AL: I feel partly good about it, let’s say.

MJ: How did the people in your life react to the idea of your memoir?

AL: Really generously. My former spouse is the first person who read it before I turned it in. I was like, “Okay, if there’s anything you can’t live with, let me know and I’ll take it out.” She’s more important to me than any book. Characteristically generous, she was like, “You know what? I’m not going to censor you. This is your story—you tell it how you want to tell it.”

Which is incredible, but also not surprising if you know her. She was the only one I was concerned about. My parents, you know, that’s ancient history.

MJ: Miscarriage is sometimes regarded as this personal, private thing. When women come forward and speak about it, it becomes political. Do you see yourself normalizing the spectrum of pregnancy outcomes by writing about your experience?

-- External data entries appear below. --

(* rho decreases to some rho_inf >= 0; r' = rho >= rho_inf and the bound on r force rho_inf = 0. *)
Lemma toy_steady_limits : S4 rho r.
Proof.
  destruct toy_r_bounded as [B HB].
  destruct (decreasing_lim_infty rho 0) as (Lr & HL0 & HL1 & HLlim).
  { intros x y Hx Hxy. apply (Hmono x y Hx Hxy). split; [lra|exact I]. }
  { intros s Hs. destruct (Hgood s ltac:(split; [lra|exact I])). lra. }
  destruct (increasing_lim_infty r B) as (rinf & _ & Hri1 & Hrlim); auto.
  { apply toy_r_increasing. }
  assert (HLr : Lr = 0).
  { destruct HL0 as [Hpos|]; auto. exfalso.
    set (s := 2 + (B - r 1) / Lr).
    assert (HB1 : r 1 <= B) by (apply HB; lra).
    assert (Hs : 1 < s) by (unfold s; pose proof (Rdiv_le_0_compat (B - r 1) Lr ltac:(lra) Hpos); lra).
    destruct (Hmono 1 s ltac:(lra) Hs ltac:(split; [lra|exact I])) as (_ & c & Hc & _ & E).
    pose proof (HL1 c ltac:(lra)). pose proof (HB s ltac:(lra)).
    assert (Lr * (s - 1) <= rho c * (s - 1)) by (apply Rmult_le_compat_r; lra).
    assert (Lr * (s - 1) = Lr + (B - r 1)) by (unfold s; field; lra).
    lra. }
  subst Lr. split; auto. exists rinf. split; auto.
  pose proof (Hri1 1 ltac:(lra)). destruct (Hsol 1 ltac:(split; [lra|exact I])) as (_ & Hr1 & _). lra.
Qed.

End InfiniteTime.

Theorem lemma3p4 (g : R -> R) :
  analytic_on (fun _ => True) g ->
  condG g ->
  (exists beta0, in_X_toy g beta0) ->
  forall beta, in_X_toy g beta ->
  forall rho r smax, maximal_toy_tip_solution g beta rho r smax ->
    toy_steady_tip_growth g beta rho r smax.
Proof.
  intros _ HG _ beta [Hb HX] rho r smax Hmax.
  destruct (HX rho r smax Hmax) as [HnA HnB].
  pose proof Hmax as ((Hsol & HS1 & HS2 & Htip) & _).
  pose proof (toy_decreasing_everywhere g beta rho r smax HG Hsol Htip HnA HnB) as Hgood.
  destruct smax as [m|].
  - exfalso. apply (toy_decreasing_finite_smax_absurd g beta rho r m HG Hmax Hgood).
  - split; [auto|split; [auto|split; [auto|split]]].
    + split; auto. intros s Hs.
      assert (Hd : in_dom None s) by (split; [auto|exact I]).
      destruct (Hgood s Hd) as [Hneg Hpos]. split; auto.
      exists (toyF g beta (rho s) (r s)). split; auto. apply (Hsol s Hd).
    + apply (toy_steady_limits g beta rho r HG Hb Hsol Hgood).
Qed.
Lemma good_graph_enum_val : good_graph g.
Proof.
have [W [Wcount Winterlaced]] := fword.
split.
- by apply/card_gt0P; exists (rank x0).
- by split=> [i j|i] /=; [exact: fsym|exact: firr].
- by move=> i; rewrite -(card_imset _ val_inj) nbhd_val fcub ?enum_valP.
- set W' := [seq rank z | z <- W & z \in S]; exists W'.
  have mapE : map val W' = [seq z <- W | z \in S].
    by rewrite -map_comp; apply/map_id_in => z; rewrite mem_filter => /andP[/rankK].
  split=> [i|i j].
    rewrite count_map count_filter -(Wcount _ (enum_valP i)).
    apply: eq_count => z /=; have [zS|zS] := boolP (z \in S).
      by rewrite andbT -(inj_eq val_inj) rankK.
    by rewrite andbF; apply/esym; apply: contraNF zS => /eqP->; apply: enum_valP.
  rewrite /= Winterlaced ?enum_valP // (inj_eq val_inj) -(interlaced_map _ _ _ val_inj).
  by rewrite mapE interlaced_filter ?enum_valP.
- case=> [a [b [c [d [tab tcd]]]]]; apply/negP.
  have im2 p q : [set val p; val q] = val @: [set p; q] by rewrite imsetU1 imset_set1.
  by rewrite -(imset_disjoint val_inj) -!im2 ftwins ?enum_valP ?twins_val.
Qed.
End EnumeratedSubgraph.

Section Bridges.
Variables (T : finType) (e : rel T).
Hypothesis sym_e : symmetric e.
Implicit Types (u v x y z : T) (L : {set T}).

Definition dele u v : rel T := [rel a b | e a b && ([set a; b] != [set u; v])].

Definition bridge u v := e u v && ~~ connect (dele u v) u v.

Definition side u v : {set T} := [set z | connect (dele u v) u z].

Definition pendant L u v :=
  [/\ u \in L, v \notin L, e u v &
      forall z t, z \in L -> t \notin L -> e z t -> z = u /\ t = v].

Lemma dele_sym u v : symmetric (dele u v).
Proof. by move=> a b; rewrite /dele /= sym_e setUC. Qed.

Lemma deleC u v : dele u v =2 dele v u.
Proof. by move=> a b; rewrite /dele /= [[set v; u]]setUC. Qed.

Lemma delv_sym v : symmetric (delv e v).
Proof. by move=> a b; rewrite /delv /= sym_e [(b != v) && _]andbC. Qed.

Lemma bridgeC u v : bridge u v -> bridge v u.
Proof.
case/andP=> euv nc; rewrite /bridge sym_e euv (eq_connect (deleC v u)).
by rewrite (sym_connect_sym (dele_sym u v)).
Qed.

Lemma side_closed u v : closed (dele u v) (side u v).
Proof.
move=> a b dab; rewrite !inE.
exact: connect_closed (sym_connect_sym (dele_sym u v)) _ _ _ dab.
Qed.

Lemma bridge_pendant u v : bridge u v -> pendant (side u v) u v.
Proof.
case/andP=> euv nc; have uL : u \in side u v by rewrite inE connect0.
have vL : v \notin side u v by rewrite inE.
split=> // z t zL tL ezt.
have E : [set z; t] = [set u; v].
  apply/eqP; apply: contraNT tL => ne.
  by rewrite -(@side_closed u v z t) // /dele /= ezt.
by apply: set2_inj E _; apply: contraTneq zL => ->.
Qed.

Lemma side_disjoint u v : bridge u v -> [disjoint side u v & side v u].
Proof.
case/andP=> _ nuv; apply/pred0P => z /=; rewrite !inE; apply/negP => /andP[uz vz].
rewrite (eq_connect (deleC v u)) (sym_connect_sym (dele_sym u v)) in vz.
by rewrite (connect_trans uz vz) in nuv.
Qed.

AL: Certainly hearing from lots and lots of women who had lost babies, lost pregnancies, and also some women who’d lost children, made me feel good about writing about some of these issues. I feel that the dramatic experience of being a human female animal hasn’t really been a major subject for art and literature. Why shouldn’t it be? It affects half the population. Not that every woman is going to get pregnant or have a child or lose a child, but at some point in her life every woman will have some drama around menstruation, pregnancy, childbearing, childbirth, menopause, something to do with that animal fear.

MJ: Do you feel like there’s a stigma of blame around miscarriage?

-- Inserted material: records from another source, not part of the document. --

(* Let $\{z_n\}$ be generated by the process $\mathcal{S}(\kappa,\Phi)$ of Theorem 6 ($\kappa$ with $\sum_n\rho^{\kappa(n)}=\infty$ for all $0<\rho\le1$; $\Phi$ the non-modal count with respect to $K$-nearest neighbors, $K\ge2$). Let $Q_n=\{x\in X:\Phi(x,Z_n)>0\}$ and $Q=\limsup_n Q_n$ (points lying in infinitely many $Q_n$). If $X$ is separable and the set of $f$-boundary points has $\mu$-measure zero, then with probability one $\mu(Q)=0$.
   Context: $(X,d)$ metric space with probability measure $\mu$; $Y$ countable; $f:X\to Y$; $X_y=f^{-1}(y)$; $B_\epsilon(x)$ open ball; $\operatorname{supp}(\mu)=\{x:\mu(B_\epsilon(x))>0\ \forall\epsilon>0\}$. $b$ is an $f$-boundary point iff $\mu(B_\epsilon(b)\setminus X_{f(b)})>0$ for all $\epsilon>0$. $\operatorname{modefreq}_f(A)=\max_y|A\cap X_y|$. $V_S(x)=\emptyset$ if $x\in S$; otherwise $V_S(x)$ is a $K$-element subset of $S$ minimizing distance to $x$, chosen among such subsets to minimize $\operatorname{modefreq}_f$. $\Phi(x,S)=|V_S(x)|-\operatorname{modefreq}_f(V_S(x))$. Process $\mathcal{S}(\kappa,\Phi)$: $Z_0=\emptyset$; at step $n$ draw $\kappa(n)$ candidates i.i.d. from $\mu$, independent of the past; $z_n$ maximizes $\Phi(\cdot,Z_{n-1})$ over candidates (ties uniformly at random); $Z_n=\{z_1,\dots,z_n\}$. *)

From HB Require Import structures.
From mathcomp Require Import all_boot all_order all_algebra.
From mathcomp Require Import all_classical all_reals all_analysis.
Unset Printing Implicit Defensive.
Import Order.TTheory GRing.Theory Num.Theory.
Local Open Scope classical_set_scope.
Local Open Scope ring_scope.

Section Defs.
Context {R : realType} {X : pointedType} {Y : countType}.

Definition is_metric (d : X -> X -> R) : Prop :=
  [/\ forall x y, 0 <= d x y,
      forall x y, d x y = 0 <-> x = y,
      forall x y, d x y = d y x &
      forall x y z, d x z <= d x y + d y z].

Definition oball (d : X -> X -> R) (x : X) (eps : R) : set X :=
  [set y | d x y < eps].

Definition metric_open (d : X -> X -> R) : set (set X) :=
  [set O | forall x, O x -> exists2 eps : R, 0 < eps & oball d x eps `<=` O].

Definition borelX (d : X -> X -> R) := g_sigma_algebraType (metric_open d).

Definition separable (d : X -> X -> R) : Prop :=
  exists D : set X, countable D /\
    forall x (eps : R), 0 < eps -> exists2 q, D q & d x q < eps.

Definition f_boundary (d : X -> X -> R) (mu : set (borelX d) -> \bar R)
  (f : X -> Y) (b : X) : Prop :=
  forall eps : R, 0 < eps ->
    (0 < mu (oball d b eps `\` (f @^-1` [set f b])))%E.

(* modefreq_f(A) = max_y |A /\ X_y|, A given as a duplicate-free list *)
Definition modefreq (f : X -> Y) (A : seq X) : nat :=
  \max_(y <- map f A) count (fun a => f a == y) A.

Definition knn_set (d : X -> X -> R) (K : nat) (S : seq X) (x : X)
  (V : seq X) : Prop :=
  [/\ uniq V, {subset V <= S}, size V = minn K (size (undup S)) &
      forall v w, v \in V -> w \in S -> w \notin V -> d x v <= d x w].

Definition VS (d : X -> X -> R) (f : X -> Y) (K : nat) (S : seq X) (x : X)
  : seq X :=
  if x \in S then [::]
  else xget [::] [set V | knn_set d K S x V /\
                    forall W, knn_set d K S x W -> (modefreq f V <= modefreq f W)%N].

Definition Phi (d : X -> X -> R) (f : X -> Y) (K : nat) (x : X) (S : seq X)
  : nat := (size (VS d f K S x) - modefreq f (VS d f K S x))%N.

(* one step of the process: among the candidates cs, keep the maximizers of
   Phi(.,Z) and pick one of them using u (uniform in [0,1]) *)
Definition select (d : X -> X -> R) (f : X -> Y) (K : nat) (Z : seq X)
  (cs : seq X) (u : R) : X :=
  let m := \max_(c <- cs) Phi d f K c Z in
  let M := [seq c <- cs | Phi d f K c Z == m] in
  nth point M (Num.truncn (u * (size M)%:R) %% size M).

(* Z_n as the list [z_1; ...; z_n]; step n uses candidates cand n 0 .. cand n (kappa n - 1)
   and tie-breaker U n *)
Fixpoint Zseq (d : X -> X -> R) (f : X -> Y) (K : nat) (kappa : nat -> nat)
  {T : Type} (cand : nat -> nat -> T -> X) (U : nat -> T -> R) (n : nat) (w : T)
  : seq X :=
  match n with
  | 0 => [::]
  | n'.+1 => let Z := Zseq d f K kappa cand U n' w in
             rcons Z (select d f K Z [seq cand n'.+1 i w | i <- iota 0 (kappa n'.+1)]
                        (U n'.+1 w))
  end.

End Defs.

Definition mutually_independent {dO} {O : measurableType dO} {R : realType}
  (P : probability O R) {J : eqType} (valid : J -> Prop) (gen : J -> set (set O))
  : Prop :=
  forall (F : seq J) (E : J -> set O), uniq F ->
    (forall j, j \in F -> valid j /\ gen j (E j)) ->
    P (\big[setI/setT]_(j <- F) E j) = (\prod_(j <- F) P (E j))%E.

From HB Require Import structures.
From mathcomp Require Import all_boot all_order all_algebra.
From mathcomp Require Import all_classical all_reals all_analysis.
From mathcomp Require Import lra.
Import Order.TTheory GRing.Theory Num.Theory.
Local Open Scope classical_set_scope.
Local Open Scope ring_scope.

Set Implicit Arguments.
Unset Strict Implicit.

(* Whatever the selection rule, every point of Z_n is a candidate.  Almost
   surely the candidates avoid a fixed mu-null set N, and, since
   sum_n rho^kappa(n) diverges for rho = mu(B) > 0, some step draws all its
   candidates inside B (the probability that none of the steps 1..M does is
   prod_n (1 - rho^kappa(n)), which tends to 0); by separability this is needed
   only for the countably many balls with centres in a dense sequence and
   radii 1/(k+1).  For such an outcome and x outside N and off the f-boundary,
   a small ball around x minus the fibre of f(x) is null, hence inside N and
   avoided by every Z_n, while balls shrinking to x keep being hit.  So some
   Z_n contains K points arbitrarily close to x, all labelled f(x), and from
   then on every K-nearest-neighbour set of x is pure: Phi(x, Z_n) = 0. *)

Section NonModalCount.
Context {R : realType} {X : pointedType} {Y : countType}.
Variables (d : X -> X -> R) (f : X -> Y) (K : nat).

Lemma Phi_mem x S : x \in S -> Phi d f K x S = 0%N.
Proof. by move=> xS; rewrite /Phi /VS xS. Qed.

Lemma modefreq_const (V : seq X) y :
  {in V, forall v, f v = y} -> (size V <= modefreq f V)%N.
Proof.
case: V => [//|v V] fV; rewrite /modefreq.
apply: leq_trans (leq_bigmax_seq _ (map_f f (mem_head v V)) _) => //.
rewrite (@eq_in_count _ _ xpredT) ?count_predT // => a aV /=.
by rewrite (fV a aV) (fV v (mem_head v V)); apply/eqP.
Qed.

(* The K points of [L] force every K-nearest-neighbour set of [x] into the
   ball of radius [r]. *)
Lemma Phi_eq0_of_near_labels x S r L :
  x \notin S -> uniq L -> size L = K -> {subset L <= S} ->
  (forall l, l \in L -> d x l < r) ->
  (forall z, z \in S -> d x z < r -> f z = f x) -> Phi d f K x S = 0%N.
Proof.
move=> xS uL sL LS Lr Sf; rewrite /Phi /VS (negbTE xS).
set P := [set V | _].
have [[V0 PV0]|noV] := pselect (exists V, P V); last first.
  by rewrite xgetPN //= => V PV; apply: noV; exists V.
case: (xgetPex [::] (ex_intro _ V0 PV0)) => -[uW WS sW Wd] _.
set W := xget _ _ in uW WS sW Wd *.
apply/eqP; rewrite subn_eq0; apply: (@modefreq_const _ (f x)) => v vW.
have KS : (K <= size (undup S))%N.
  by rewrite -sL uniq_leq_size // => l lL; rewrite mem_undup LS.
have sWK : size W = K by rewrite sW; apply/minn_idPl.
apply: Sf; first exact: WS.
have [LW|/allPn[l lL lW]] := boolP (all (mem W) L).
  have [_ eqLW] := uniq_min_size uL (allP LW) (eq_leq (etrans sWK (esym sL))).
  by apply: Lr; rewrite eqLW.
exact: le_lt_trans (Wd v l vW (LS l lL) lW) (Lr l lL).
Qed.

End NonModalCount.

Lemma bigsetI_seqP {I : choiceType} {O : Type} (s : seq I) (E : I -> set O) w :
  (\big[setI/setT]_(j <- s) E j) w <-> {in s, forall j, E j w}.
Proof. by rewrite -bigcap_seq. Qed.

Lemma prod_1subr_mul_1addr_sum_le1 {R : realFieldType} (s : seq R) :
  {in s, forall p, 0 <= p <= 1} ->
  (\prod_(p <- s) (1 - p)) * (1 + \sum_(p <- s) p) <= 1.
Proof.
elim: s => [|p s IHs] s01; first by rewrite !big_nil mul1r addr0.
rewrite !big_cons; have /andP[p0 p1] := s01 p (mem_head p s).
have {}s01 : {in s, forall q, 0 <= q <= 1}.
  by move=> q qs; apply: s01; rewrite inE qs orbT.
have Pi0 : 0 <= \prod_(q <- s) (1 - q).
  by rewrite big_seq prodr_ge0 // => q /s01 /andP[_]; rewrite subr_ge0.
have S0 : 0 <= \sum_(q <- s) q by rewrite big_seq sumr_ge0 // => q /s01 /andP[].
have IH := IHs s01; set Pi := \prod_(q <- s) _ in IH Pi0 *.
set S := \sum_(q <- s) q in IH S0 *.
have : 0 <= p * Pi * S by rewrite !mulr_ge0.
have : 0 <= p * p * Pi by rewrite !mulr_ge0.
nra.
Qed.

Lemma nneseries_pinfty_partial_gt {R : realType} (u : nat -> R) :
  (forall n, 0 <= u n) -> (\sum_(0 <= n <oo) (u n)%:E)%E = +oo%E ->
  forall c, exists M, c < \sum_(n <- iota 1 M) u n.
Proof.
move=> u0 uoo c.
have : (fun M => \sum_(0 <= n < M) (u n)%:E) @ \oo --> +oo%E.
  by rewrite -uoo; apply: is_cvg_nneseries => n _ _; rewrite lee_fin.
move=> /cvgey_gt /(_ (c + u 0%N)) [M _ /(_ M (leqnn M))].
rewrite /= sumEFin lte_fin => ltM; exists M.
have : \sum_(0 <= n < M) u n <= \sum_(0 <= n < M.+1) u n.
  by rewrite big_nat_recr //= lerDl.
suff -> : \sum_(0 <= n < M.+1) u n = u 0%N + \sum_(n <- iota 1 M) u n by lra.
by rewrite /index_iota subn0 big_cons.
Qed.

Lemma divergent_prod_1subr_lt {R : realType} (p : nat -> R) :
  (forall n, 0 <= p n <= 1) -> (\sum_(0 <= n <oo) (p n)%:E)%E = +oo%E ->
  forall r, 0 < r -> exists M, \prod_(n <- iota 1 M) (1 - p n) < r.
Proof.
move=> p01 poo r r0.
have [M ltM] := nneseries_pinfty_partial_gt (fun n => proj1 (andP (p01 n))) poo r^-1.
exists M; have S0 : 0 <= \sum_(n <- iota 1 M) p n.
  by rewrite sumr_ge0 // => n _; case/andP: (p01 n).
have s01 : {in [seq p n | n <- iota 1 M], forall q, 0 <= q <= 1}.
  by move=> _ /mapP[n _ ->].
have := prod_1subr_mul_1addr_sum_le1 s01; rewrite !big_map.
rewrite -ler_pdivlMr ?ltr_wpDr // => /le_lt_trans; apply.
by rewrite ltr_pdivrMr ?ltr_wpDr // mulrC -ltr_pdivrMr // div1r ltr_wpDl.
Qed.

Lemma negligible_countable_bigcup {d} {T : measurableType d} {R : realType}
    (mu : {measure set T -> \bar R}) {I : countType} (F : I -> set T) :
  (forall i, mu.-negligible (F i)) -> mu.-negligible (\bigcup_i F i).
Proof.
move=> Fneg; apply: (negligibleS (A := \bigcup_n oapp F set0 (unpickle n))).
  by move=> x [i _ Fix]; exists (pickle i); rewrite //= pickleK.
apply: negligible_bigcup => n.
by case: (unpickle n) => [i|] /=; [exact: Fneg | exact: negligible_set0].
Qed.

Lemma null_sets_cover {d} {T : measurableType d} {R : realType}
    (mu : {measure set T -> \bar R}) {I : countType} (F : I -> set T) :
  (forall i, measurable (F i)) ->
  exists N, [/\ measurable N, mu N = 0%E & forall i, mu (F i) = 0%E -> F i `<=` N].
Proof.
move=> mF; have [|N [mN muN sN]] := @negligible_countable_bigcup _ _ _ mu _
    (fun i => [set x | F i x /\ mu (F i) = 0%E]).
  move=> i; have [Fi0|Fi0] := pselect (mu (F i) = 0%E); last first.
    by apply: (negligibleS _ (negligible_set0 _)) => x [].
  by apply: (negligibleS (A := F i)) => [x []|]; [|apply/negligibleP].
by exists N; split => // i Fi0 x Fix; apply: sN; exists i.
Qed.

Section CandidateSteps.
Context {R : realType} {dT : measure_display} {T : measurableType dT}
  {dO : measure_display} {O : measurableType dO}.
Variables (P : probability O R) (mu : probability T R) (kappa : nat -> nat)
  (cand : nat -> nat -> O -> T).
Hypothesis cand_law : forall n i, (1 <= n)%N -> (i < kappa n)%N ->
  measurable_fun setT (cand n i) /\
  forall A, measurable A -> P (cand n i @^-1` A) = mu A.
Hypothesis cand_indep : mutually_independent P
  (fun j => let: (n, i) := j in (1 <= n)%N /\ (i < kappa n)%N)
  (fun j => let: (n, i) := j in [set cand n i @^-1` A | A in measurable]).

Lemma measurable_cand_preimage n i A : (1 <= n)%N -> (i < kappa n)%N ->
  measurable A -> measurable (cand n i @^-1` A).
Proof.
by move=> n1 ik mA; have [mc _] := cand_law n1 ik; rewrite -[_ @^-1` _]setTI; apply: mc.
Qed.

Lemma ae_cand_notin N : measurable N -> mu N = 0%E ->
  P.-negligible [set w | exists n i, [/\ (1 <= n)%N, (i < kappa n)%N & N (cand n i w)]].
Proof.
move=> mN muN; apply: (negligibleS (A := \bigcup_n \bigcup_i
  [set w | [/\ (1 <= n)%N, (i < kappa n)%N & N (cand n i w)]])).
  by move=> w [n [i Hi]]; exists n => //; exists i.
apply: negligible_bigcup => n; apply: negligible_bigcup => i.
have [[n1 ik]|nni] := pselect ((1 <= n)%N /\ (i < kappa n)%N); last first.
  by apply: (negligibleS _ (negligible_set0 _)) => w [n1 ik _]; apply: nni.
apply: (negligibleS _ (A := cand n i @^-1` N)); first by move=> w [].
apply/negligibleP; first exact: measurable_cand_preimage.
exact: etrans (proj2 (cand_law n1 ik) _ mN) muN.
Qed.

Section HittingOneSet.
Variables (B : set T) (rho : R).
Hypotheses (mB : measurable B) (muB : mu B = rho%:E).

Definition step_in n := \big[setI/setT]_(i <- iota 0 (kappa n)) (cand n i @^-1` B).

Local Definition all_steps_in Ts := \big[setI/setT]_(n <- Ts) step_in n.
Local Definition no_step_in L := \big[setI/setT]_(n <- L) ~` step_in n.

Lemma measurable_step_in n : (1 <= n)%N -> measurable (step_in n).
Proof.
move=> n1; rewrite /step_in big_seq; apply: bigsetI_measurable => i.
by rewrite mem_iota => /andP[_ ik]; apply: measurable_cand_preimage.
Qed.

Let measurable_steps Ts (E : nat -> set O) : all (leq 1) Ts ->
  (forall n, (1 <= n)%N -> measurable (E n)) ->
  measurable (\big[setI/setT]_(n <- Ts) E n).
Proof.
by move=> /allP Ts1 mE; rewrite big_seq; apply: bigsetI_measurable => n /Ts1 /mE.
Qed.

AL: Well it’s also a biological experience, right? When you lose a pregnancy like that—especially if you are late term, as I was—you’re going through an enormous let down of all these hormones. If things go well, you’ve got a baby to take care of, so that serves as this counterbalance to this enormous physical, hormonal shitshow. If the baby dies, then you’re in a pretty dark place. Sure it’s cultural, but it’s not just cultural. It’s also physical. It’s pretty hard not to blame yourself and feel terrible in 800 ways when you’re going through that physical experience. Your body’s producing milk for a baby who’s not there. I don’t see a way that you’d avoid going to a pretty dark place in that condition.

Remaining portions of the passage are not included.